I certainly agree that a too-complicated-to-understand system with no obvious flaw is more likely to do what I expect it to than a too-complicated-to-understand system with an obvious flaw. This is true not only Bayesianly, but common-sensically. But if you’re arguing that it’s more likely to do what I expect than a less complicated system, I fail to follow your reasoning.
Agreed that this should be empirically explorable, if not strictly testable. Personally, I’m more inclined to explore it using NIs (natural intelligences), though. That is, if a group of relatively dumb but highly motivated NIs construct the kind of complex framework of independent interlocking constraints we’re discussing, how likely is it that a relatively intelligent and equally motivated NI can find an unexpected loophole?
My own expectation is that while it’s not terribly likely on any given trial, it’s pretty likely given enough trials.
Just to make that a little more concrete… if N is a standard deviation of intelligence within the current human population, and we define a trial as a single iteration of the loophole-seeker analyzing the network of constraints, coming up with a strategy that has a chance of achieving its goals despite those constraints, and implementing that strategy, then if I assume a 3N delta between the constraint-defining agents and the loophole-seeking agent and enough of a resource discrepancy benefiting the constraint definers that they get to put their entire network in place before the loophole-seeker gets started, I’d estimate something on the order of a 1% chance of success for the loophole-seeker.
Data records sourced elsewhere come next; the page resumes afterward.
Lemma anticomplete_pair_of_stable (I : {set V}) k :
  k.*2.+1 <= #|I| -> {in I &, forall x y, ~~ F x y} -> has_anticomplete_pair k.
Proof.
move=> cI stable; have [Y YI cY] := @exists_subset_card _ I k ltac:(lia).
exists (I :\: Y), Y; split; last by rewrite cY.
- split; first by rewrite disjoints_subset setDE subsetIr.
  move=> x y /setDP [xI _] /(subsetP YI) yI; exact: stable.
- rewrite cardsDS //; lia.
Qed.

Lemma anticomplete_pair_of_sparse (P W : {set V}) k d :
  [disjoint P & W] -> k <= #|W| -> k * d + k.+1 <= #|P| ->
  (forall w, w \in W -> #|P :&: [set v | F w v]| <= d) -> has_anticomplete_pair k.
Proof.
move=> dPW cW cP sparse; have [Y YW cY] := exists_subset_card cW.
pose NY := \bigcup_(y in Y) (P :&: [set v | F y v]).
have NYP : NY \subset P by apply/bigcupsP => y _; exact: subsetIl.
have cNY : #|NY| <= k * d.
  apply: leq_trans (card_bigcup_le _ _) _; rewrite -cY -sum_nat_const.
  by apply: leq_sum => y /(subsetP YW); exact: sparse.
exists (P :\: NY), Y; split; last by rewrite cY.
- split; first exact: disjointW (subsetDl _ _) YW dPW.
  move=> x y /setDP [xP xNY] yY; apply: contra xNY => Fxy.
  by apply/bigcupP; exists y => //; rewrite !inE xP Fsym.
- rewrite cardsDS //; lia.
Qed.

Definition simple_path (D : {set V}) (g : nat -> V) (l : nat) : Prop :=
  [/\ forall a, a < l -> g a \in D,
      forall a b, a < l -> b < l -> g a = g b -> a = b
    & forall a, a.+1 < l -> F (g a) (g a.+1)].

Lemma simple_path_sub (D D' : {set V}) g l :
  D \subset D' -> simple_path D g l -> simple_path D' g l.
Proof. by move=> DD' [gD ginj gF]; split=> // a /gD /(subsetP DD'). Qed.

Lemma simple_path_prefix (D : {set V}) g l l' :
  l' <= l -> simple_path D g l -> simple_path D g l'.
Proof.
move=> l'l [gD ginj gF]; split=> [a al|a b al bl|a al]; last (apply: gF; lia).
  by apply: gD; lia.
by apply: ginj; lia.
Qed.

Lemma simple_path_size (D : {set V}) g l : simple_path D g l -> l <= #|D|.
Proof.
move=> [gD ginj _].
have inj : injective (fun i : 'I_l => g i).
  by move=> i j /ginj => /(_ (ltn_ord i) (ltn_ord j)) /val_inj.
rewrite -[l]card_ord -cardsT -(card_imset _ inj).
by apply/subset_leq_card/subsetP => _ /imsetP [i _ ->]; exact: gD.
Qed.

Lemma simple_path_adj (D : {set V}) g l a b : simple_path D g l -> a < l -> b < l ->
  b = a.+1 \/ a = b.+1 -> F (g a) (g b).
Proof.
by move=> [_ _ gF] al bl [eb|ea]; subst; [|rewrite Fsym]; apply: gF.
Qed.
(* In the general setting of the context, let $(x_1^*,\dots,x_n^* )$ be an optimal solution attaining $P^*$ together with a vector $y^*\in\mathbb{R}^m_+$ such that $y^*_i=0$ whenever $(\sum_tA_tx^*_t)_i<b_i$ and $A_t^\top y^*$ is a supergradient of $f_t$ at $x_t^*$ for every $t$. For $i\in[m]$ and $t\in[n]$ let $$R_t^i=\frac{1}{n-t+1}\sum_{s=t}^n(A_{\sigma(s)}x^*_{\sigma(s)})_i-\frac{b_i}{n}.$$ Then $$\mathbb{P}\Big(\exists\,t\in[n(1-\epsilon)],\ \exists\,i\in[m]:\ R_t^i>\frac{b_i}{n}2^{-\kappa(t)/2}\epsilon^{1/2}\Big)\le mL\exp\Big(-\frac{\epsilon^2}{6\gamma}\Big).$$
   Context: General setting. Let $m,k,n$ be positive integers and $b\in\mathbb{R}^m_{++}$. Let $\mathcal G$ be the set of proper, concave, upper semicontinuous functions $f:\mathbb{R}^k\to[-\infty,\infty)$ with bounded superlevel sets such that $\mathrm{dom} f\subset\mathbb{R}^k_+$ and $f(0)=0$. Let $f_1,\dots,f_n\in\mathcal G$ and $A_1,\dots,A_n\in\mathbb{R}_+^{m\times k}$. Let $P^*=\sup\{\sum_{t=1}^n f_t(x_t): x_t\in\mathbb{R}^k,\ \sum_{t=1}^n A_tx_t\le b\}$ and assume $P^*>0$. Let $\gamma>0$ satisfy, for every $t\in[n]$: $(A_tx)_i/b_i\le\gamma$ for all $i\in[m]$ and all $x$ with $f_t(x)\ge0$, and $f_t(x)\le\gamma P^*$ for all $x\in\mathrm{dom} f_t$. Let $\epsilon\in(0,1)$ be such that $L=\log_2(1/\epsilon)$ and $n\epsilon$ are integers. Let $\sigma$ be a uniformly random permutation of $[n]$; probabilities are over $\sigma$. For $t\in[n(1-\epsilon)]$, $\kappa(t)=\lfloor\log_2\frac{n-t}{n\epsilon}\rfloor+1$, i.e. $\kappa(t)=k\in[L]$ iff $n(1-2^k\epsilon)<t\le n(1-2^{k-1}\epsilon)$. *)

From HB Require Import structures.
From Stdlib Require Import Reals.
From mathcomp Require Import all_boot.
From mathcomp Require Import fingroup perm.
Local Open Scope R_scope.

Set Implicit Arguments.
Unset Strict Implicit.
Unset Printing Implicit Defensive.

HB.instance Definition _ :=
  Monoid.isComLaw.Build R 0 Rplus (fun a b c => esym (Rplus_assoc a b c)) Rplus_comm Rplus_0_l.

Definition vec (k : nat) := 'I_k -> R.

Definition mxv (m k : nat) (A : 'I_m -> 'I_k -> R) (x : vec k) : vec m :=
  fun i => \big[Rplus/0]_(j < k) (A i j * x j).

(* extended-real valued functions R^k -> [-oo, oo): None encodes -oo *)
Definition efun (k : nat) := vec k -> option R.

Definition elt (a : option R) (c : R) : Prop :=
  match a with Some v => (v < c) | None => True end.

Definition proper_e (k : nat) (f : efun k) : Prop := exists x, f x <> None.

Definition concave_e (k : nat) (f : efun k) : Prop :=
  forall (x y : vec k) (v w lam : R), (0 <= lam <= 1) ->
    f x = Some v -> f y = Some w ->
    exists u, f (fun j => lam * x j + (1 - lam) * y j) = Some u /\
              (lam * v + (1 - lam) * w <= u).

Definition usc_e (k : nat) (f : efun k) : Prop :=
  forall (x : vec k) (c : R), elt (f x) c ->
    exists delta, (0 < delta) /\
      forall y : vec k, (forall j, Rabs (y j - x j) < delta) -> elt (f y) c.

Definition bounded_superlevel_e (k : nat) (f : efun k) : Prop :=
  forall c : R, exists M : R, forall (x : vec k) (v : R),
    f x = Some v -> (c <= v) -> forall j, (Rabs (x j) <= M).

Definition in_G (k : nat) (f : efun k) : Prop :=
  proper_e f /\ concave_e f /\ usc_e f /\ bounded_superlevel_e f /\
  (forall x, f x <> None -> forall j, 0 <= x j) /\
  f (fun _ => 0) = Some 0.

Definition kappa (n t : nat) (eps : R) : Z :=
  (Int_part (ln ((INR n - INR t) / (INR n * eps)) / ln 2) + 1)%Z.

(* R_t^i for a permutation sigma of [n] (0-based 'I_n; t is 1-based) *)
Definition Rti (n m k : nat) (A : 'I_n -> 'I_m -> 'I_k -> R) (xs : 'I_n -> vec k)
  (b : vec m) (sigma : 'S_n) (t : nat) (i : 'I_m) : R :=
  (/ (INR n - INR t + 1) *
     \big[Rplus/0]_(s < n | (t <= s.+1)%N) mxv (A (sigma s)) (xs (sigma s)) i
   - b i / INR n).

Definition Rltb (a c : R) : bool := if Rlt_dec a c then true else false.

(* the bad event: exists t in [n(1-eps)] = {1,..,n - N} (N = n eps), exists i *)
Definition bad_event (n m k N : nat) (A : 'I_n -> 'I_m -> 'I_k -> R)
  (xs : 'I_n -> vec k) (b : vec m) (eps : R) (sigma : 'S_n) : bool :=
  [exists t : 'I_n, ((t.+1 <= n - N)%N &&
     [exists i : 'I_m,
        Rltb (b i / INR n * Rpower 2 (- IZR (kappa n t.+1 eps) / 2) * sqrt eps)
             (Rti A xs b sigma t.+1 i)])].

Definition prob_perm (n : nat) (E : 'S_n -> bool) : R :=
  (INR #|[set s : 'S_n | E s]| / INR #|[set: 'S_n]|).

(* Fix a resource i and a dyadic scale j < L.  Along the random order, the loads
   (A_t x^*_t)_i not yet revealed form a sample without replacement with values in
   [0, gamma b_i] and mean at most b_i / n (by feasibility).  Revealing the
   permutation one position at a time, the potential
     #(completions) * exp (- th (x - mean of the unrevealed loads) + th^2 c x / 2 * sum 1/(r-1)^2)
   is a supermartingale (Hoeffding's lemma applied to the next revealed load), and it
   dominates the number of completions once the mean has crossed x.  Hence the orders
   whose unrevealed mean exceeds x before N 2^j loads remain number at most
   n! exp (- th (x - b_i/n) + th^2 c x / (2 N 2^j)).  For x = b_i/n (1 + 2^(-(j+1)/2) sqrt eps)
   and the best th this is n! exp (- eps^2 / (6 gamma)); a violation at time t lies at
   scale j = kappa(t) - 1, and a union bound over the m L pairs (i, j) concludes. *)

From HB Require Import structures.
From Stdlib Require Import Reals Lra.
From mathcomp Require Import all_boot.
From mathcomp Require Import fingroup perm zify.
From Coquelicot Require Import Coquelicot.
Local Open Scope R_scope.
Set Implicit Arguments.
Unset Strict Implicit.
Unset Printing Implicit Defensive.

Lemma exp_le_exp (u w : R) : u <= w -> exp u <= exp w.
Proof.
by case/Rle_lt_or_eq_dec => [/exp_increasing/Rlt_le | ->] //; apply: Rle_refl.
Qed.

Lemma exp_neg_le (y : R) : 0 <= y -> exp (- y) <= 1 - y + y ^ 2 / 2.
Proof.
move=> Hy; case: (Req_dec y 0) => [-> | Hy0].
  by rewrite Ropp_0 exp_0; lra.
set g := fun z => 1 - z + z ^ 2 / 2 - exp (- z).
have Hg' : forall z, derivable_pt_lim g z (-1 + z + exp (- z)).
  by move=> z; apply is_derive_Reals; rewrite /g; auto_derive; [|field].
have [z [Hgz Hz]] := MVT_cor2 g (fun z => -1 + z + exp (- z)) 0 y
  ltac:(lra) (fun z _ => Hg' z).
have Hexp := exp_ineq1_le (- z).
have : 0 <= g y - g 0 by rewrite Hgz; apply: Rmult_le_pos; lra.
by rewrite /g Ropp_0 exp_0; lra.
Qed.

Lemma inv_sq_ge0 (r : R) : 0 <= / r ^ 2.
Proof. by rewrite -pow_inv; apply: pow2_ge_0. Qed.

Lemma INR_expn2 (e : nat) : INR (2 ^ e)%N = 2 ^ e.
Proof. by elim: e => [|e IH] //; rewrite expnS mult_INR IH. Qed.

Section RealSums.
Variable T : finType.
Implicit Types (P : pred T) (F G : T -> R).

Lemma sumR_le P F G : (forall i, P i -> F i <= G i) ->
  \big[Rplus/0]_(i | P i) F i <= \big[Rplus/0]_(i | P i) G i.
Proof. by move=> H; apply: (big_ind2 (fun a b => a <= b)) => //; [lra | move=> *; lra]. Qed.

Lemma sumR_ge0 P F : (forall i, P i -> 0 <= F i) -> 0 <= \big[Rplus/0]_(i | P i) F i.
Proof. by move=> H; apply: (big_ind (fun a => 0 <= a)) => //; [lra | move=> *; lra]. Qed.

Lemma sumR_mull P F c :
  \big[Rplus/0]_(i | P i) (c * F i) = c * \big[Rplus/0]_(i | P i) F i.
Proof. by apply: (big_rec2 (fun a b => a = c * b)) => [|i y1 y2 _ ->]; ring. Qed.

Lemma INR_sum P (f : T -> nat) :
  INR (\sum_(i | P i) f i)%N = \big[Rplus/0]_(i | P i) INR (f i).
Proof. by apply: (big_morph INR) => //; exact: plus_INR. Qed.

Lemma sumR_const P c : \big[Rplus/0]_(i | P i) c = INR #|P| * c.
Proof.
rewrite Rmult_comm -sum1_card INR_sum -sumR_mull.
by apply: eq_bigr => i _ /=; ring.
Qed.

(* Hoeffding's lemma for values in [0, c], with variance proxy c times the mean. *)
Lemma sum_exp_dev_le P (a : T -> R) c u M :
  (forall v, P v -> 0 <= a v <= c) -> 0 <= u ->
  INR #|P| * M = \big[Rplus/0]_(v | P v) a v ->
  \big[Rplus/0]_(v | P v) exp (u * (M - a v)) <= INR #|P| * exp (u ^ 2 * c * M / 2).
Proof.
move=> Ha Hu HM.
set K := - u + u ^ 2 * c / 2.
have HuM : 0 < exp (u * M) by apply: exp_pos.
apply: Rle_trans (_ : \big[Rplus/0]_(v | P v)
  (exp (u * M) * 1 + exp (u * M) * K * a v) <= _).
  apply: sumR_le => v /Ha [Ha0 Hac].
  rewrite (_ : u * (M - a v) = u * M + - (u * a v)); last by ring.
  rewrite exp_plus.
  have := exp_neg_le (y := u * a v) ltac:(nra).
  have : 0 <= u ^ 2 * a v * (c - a v) by apply: Rmult_le_pos; nra.
  rewrite /K; nra.
rewrite big_split /= sumR_const sumR_mull -HM.
have -> : exp (u ^ 2 * c * M / 2) = exp (u * M) * exp (K * M).
  by rewrite -exp_plus /K; congr exp; field.
have HP := pos_INR #|P|; have := exp_ineq1_le (K * M).
have := Rmult_le_pos _ _ HP (Rlt_le _ _ HuM); nra.
Qed.

(* One step of the supermartingale: a uniform draw from r values of mean R / r <= x. *)
Lemma sum_exp_potential_le P a c x th r R W :
  INR #|P| = r -> 2 <= r -> (forall v, P v -> 0 <= a v <= c) -> 0 <= c ->
  \big[Rplus/0]_(v | P v) a v = R -> R / r <= x -> 0 <= th ->
  \big[Rplus/0]_(v | P v) exp (- th * (x - (R - a v) / (r - 1)) + th ^ 2 * c * x / 2 * W)
  <= r * exp (- th * (x - R / r) + th ^ 2 * c * x / 2 * (/ (r - 1) ^ 2 + W)).
Proof.
move=> HP Hr Ha Hc HR Hx Hth.
set M := R / r; set u := th / (r - 1); set K := - th * (x - M) + th ^ 2 * c * x / 2 * W.
have Hu : 0 <= u by apply: Rdiv_le_0_compat; lra.
rewrite (eq_bigr (fun v => exp K * exp (u * (M - a v)))); last first.
  by move=> v _; rewrite -exp_plus /K /u /M; congr exp; field; lra.
rewrite sumR_mull.
have HM : INR #|P| * M = \big[Rplus/0]_(v | P v) a v by rewrite HP HR /M; field; lra.
apply: Rle_trans (Rmult_le_compat_l _ _ _ (Rlt_le _ _ (exp_pos K)) (sum_exp_dev_le Ha Hu HM)) _.
rewrite HP Rmult_comm Rmult_assoc -exp_plus.
apply: Rmult_le_compat_l; first lra.
apply: exp_le_exp; rewrite /K /u.
have -> : (th / (r - 1)) ^ 2 = th ^ 2 * / (r - 1) ^ 2 by field; lra.
have : 0 <= th ^ 2 * / (r - 1) ^ 2 * c * (x - M).
  apply: Rmult_le_pos; last by rewrite /M; lra.
  by apply: Rmult_le_pos => //; apply: Rmult_le_pos; [nra | apply: inv_sq_ge0].
nra.
Qed.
So if a trial takes a few days and the constraint definers don’t modify their network after each trial, then I expect no more than a year before the loophole-seeker succeeds.
What results would you expect from such a scenario?
I really don’t know. I would expect the loophole-seeker to be much more successful if partial success was possible.
Agreed.
The future 10^8 years later is going to look very different, even if things go right (FAI style or whatever), simply because we’ll have used the AI for something. This is going to push your L-infinity norm very high, regardless of it’s actions now, which is obviously very bad. As such, I think you want to weigh it be e^-t or something.
My other concern is that the AI will note that dedicating lots of resources to learning how to obey (game) the system will result in a really low score.